Все это и многое другое мелькнуло в многоопытной и многострадальной голове Михаила Андреевича одновременно, и он, не упуская нити разговора и основного направления своей мысли, даже не меняя выражения лица, продолжал интересный и острый разговор, словно и не случилось неожиданного взрыва залетевшего откуда то издалека шального снаряда.

— Итак, все в мире взаимосвязано и чистой науки не бывает. Ну зачем вам, Нил Степанович, понадобился Крым? Ищете приключений? Еще большей известности?

— Хорошо, уважаемый Михаил Андреевич, откровенно — так откровенно, — согласился академик и слегка подался вперед. — Да, я никогда не скрывал и скрывать не намерен, что я — русский, патриот своей земли, ревнитель и почитатель прошлого своего народа, у меня имеется достаточно доказательств о его великом и достойном прошлом.
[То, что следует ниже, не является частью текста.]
Lemma half_sum_plus a b a' b' : Rbar_le (Finite 0) a -> Rbar_le (Finite 0) b ->
  Rbar_le (Finite 0) a' -> Rbar_le (Finite 0) b' ->
  Rbar_plus (half_sum a b) (half_sum a' b') = half_sum (Rbar_plus a a') (Rbar_plus b b').
Proof. intros; nonneg_cases; simpl; try reflexivity; f_equal; lra. Qed.

Lemma half_sum_le_eq a b a' b' r : Rbar_le a a' -> Rbar_le b b' ->
  half_sum a b = Finite r -> half_sum a b = half_sum a' b' -> a = a' /\ b = b'.
Proof.
  destruct a, b; simpl; intros Ha Hb Hr; try discriminate.
  destruct a', b'; simpl in *; try tauto; try discriminate.
  intros E. injection E as E. split; f_equal; lra.
Qed.

Section ProductMetric.
Context {X Y : Type} (pX : X -> X -> Rbar) (pY : Y -> Y -> Rbar).
Hypothesis pmX : partial_metric pX.
Hypothesis pmY : partial_metric pY.
Local Notation p := (prod_pm pX pY).

Lemma prod_pm_pair x y x' y' : p (x, y) (x', y') = half_sum (pX x x') (pY y y').
Proof. apply Rbar_mult_half_plus; [apply pmX | apply pmY]. Qed.

Hypothesis finX : diag_finite pX.
Hypothesis finY : diag_finite pY.

Lemma diag_finite_prod : diag_finite p.
Proof.
  intros [x y]. destruct (finX x) as [t Ht], (finY y) as [u Hu].
  exists ((t + u) / 2). now rewrite prod_pm_pair, Ht, Hu.
Qed.

Lemma partial_metric_prod : partial_metric p.
Proof.
  pose proof pmX as [nnX [reflX [sepX [symX triX]]]].
  pose proof pmY as [nnY [reflY [sepY [symY triY]]]].
  split; [|split; [|split; [|split]]].
  - intros [x y] [x' y']. rewrite prod_pm_pair. now apply half_sum_nonneg.
  - intros [x y] [x' y']. rewrite !prod_pm_pair. now apply half_sum_le_compat.
  - intros [x y] [x' y']. rewrite !prod_pm_pair. intros E E'.
    destruct (diag_finite_prod (x, y)) as [t Ht], (diag_finite_prod (x', y')) as [t' Ht'].
    rewrite prod_pm_pair in Ht, Ht'.
    destruct (half_sum_le_eq _ _ _ _ t (reflX x x') (reflY y y') Ht E) as [Ex Ey].
    assert (E'' : half_sum (pX x' x') (pY y' y') = half_sum (pX x' x) (pY y' y))
      by now rewrite (symX x' x), (symY y' y).
    destruct (half_sum_le_eq _ _ _ _ t' (reflX x' x) (reflY y' y) Ht' E'') as [Ex' Ey'].
    rewrite (symX x' x) in Ex'. rewrite (symY y' y) in Ey'.
    f_equal; [apply sepX | apply sepY]; congruence.
  - intros [x y] [x' y']. now rewrite !prod_pm_pair, symX, symY.
  - intros [x y] [x' y'] [x'' y'']. rewrite !prod_pm_pair, !half_sum_plus by auto.
    apply half_sum_le_compat; auto using Rbar_plus_nonneg.
Qed.

Lemma open_ball_prod_of_balls x y e w1 w2 :
  open_ball pX x e w1 -> open_ball pY y e w2 -> open_ball p (x, y) e (w1, w2).
Proof.
  intros H1 H2.
  destruct (open_ball_finite pX pmX x e w1 H1) as [r1 [t1 [R1 [T1 L1]]]].
  destruct (open_ball_finite pY pmY y e w2 H2) as [r2 [t2 [R2 [T2 L2]]]].
  unfold open_ball. rewrite !prod_pm_pair, R1, T1, R2, T2. simpl. lra.
Qed.

Lemma open_ball_prod_balls x y e w1 w2 : open_ball p (x, y) e (w1, w2) ->
  open_ball pX x (2 * e) w1 /\ open_ball pY y (2 * e) w2.
Proof.
  destruct pmX as [_ [reflX [_ [symX _]]]], pmY as [_ [reflY [_ [symY _]]]].
  destruct (finX x) as [t1 T1], (finY y) as [t2 T2].
  pose proof (reflX x w1) as L1. pose proof (reflY y w2) as L2.
  rewrite (symX x w1), T1 in L1. rewrite (symY y w2), T2 in L2.
  unfold open_ball. rewrite !prod_pm_pair, T1, T2.
  destruct (pX w1 x), (pY w2 y); simpl in *; try tauto. intros; split; lra.
Qed.

Lemma p_open_prod U : p_open p U <-> product_open (p_open pX) (p_open pY) U.
Proof.
  split.
  - intros HU [x y] Uxy.
    destruct (p_open_nbhd p partial_metric_prod U (x, y) HU Uxy) as [d [Hd Hsub]].
    destruct (finX x) as [t Ht], (finY y) as [u Hu].
    exists (open_ball pX x d), (open_ball pY y d).
    split; [|split; [|split]]; try now apply open_ball_p_open.
    + split; [apply open_ball_center with t | apply open_ball_center with u]; auto.
    + intros [w1 w2] [H1 H2]. now apply Hsub, open_ball_prod_of_balls.
  - intros HU. apply p_open_of_nbhd; [apply diag_finite_prod|].
    intros [x y] Uxy.
    destruct (HU _ Uxy) as [V [W [HV [HW [[Vx Wy] VWU]]]]].
    destruct (p_open_nbhd pX pmX V x HV Vx) as [d1 [Hd1 B1]].
    destruct (p_open_nbhd pY pmY W y HW Wy) as [d2 [Hd2 B2]].
    pose proof (Rmin_l d1 d2) as Hmin1. pose proof (Rmin_r d1 d2) as Hmin2.
    pose proof (Rmin_pos d1 d2 Hd1 Hd2) as Hmin.
    exists (Rmin d1 d2 / 2). split; [lra|].
    intros [w1 w2] Hw. apply open_ball_prod_balls in Hw as [H1 H2].
    apply VWU. split; [apply B1 | apply B2]; eapply open_ball_mono;
      [| exact H1 | | exact H2]; lra.
Qed.

End ProductMetric.

Theorem mainTheorem6 (X Y : Type) (leX : X -> X -> Prop) (leY : Y -> Y -> Prop)
  (pX : X -> X -> Rbar) (pY : Y -> Y -> Rbar) :
  scott_domain leX -> scott_domain leY ->
  quantified leX pX -> quantified leY pY ->
  quantified (prod_le leX leY) (prod_pm pX pY).
Proof.
  intros [domX [_ [_ algX]]] [domY [_ [_ algY]]] qX qY.
  pose proof qX as [dcpoX [pmX openX]]. pose proof qY as [dcpoY [pmY openY]].
  pose proof (quantified_diag_finite leX pX domX qX) as finX.
  pose proof (quantified_diag_finite leY pY domY qY) as finY.
  split; [now apply is_dcpo_prod|].
  split; [now apply partial_metric_prod|].
  intros U.
  rewrite (scott_open_prod leX leY dcpoX dcpoY algX algY U).
  rewrite (p_open_prod pX pY pmX pmY finX finY U).
  now apply product_open_ext.
Qed.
И вот вам новость — Крым, многократно политая русской кровью земля, передается в состав Украины. Совершается самоубийственный для всей России, да и для самой Украины, акт, только безумный мог его совершить. Это преступление против всего русского народа, как известно, живущего издревле и на Украине, продолжение порочной и преступной политики расчленения России после большевистской революции. Я сразу же написал еще тогда о своем мнении во все, как говорится, высшие инстанции, вплоть до самого Никиты Сергеевича, вот только ответа так и не дождался. И что же? Годы идут, Хрущева уже несколько лет как сместили, вполне правильно сделали… Но хотя бы кто то попытался исправить чудовищную историческую нелепость. Я хочу, уважаемый Михаил Андреевич, умереть с чистой совестью, я должен довести свое мнение до людей хотя бы таким способом, устно, лекциями…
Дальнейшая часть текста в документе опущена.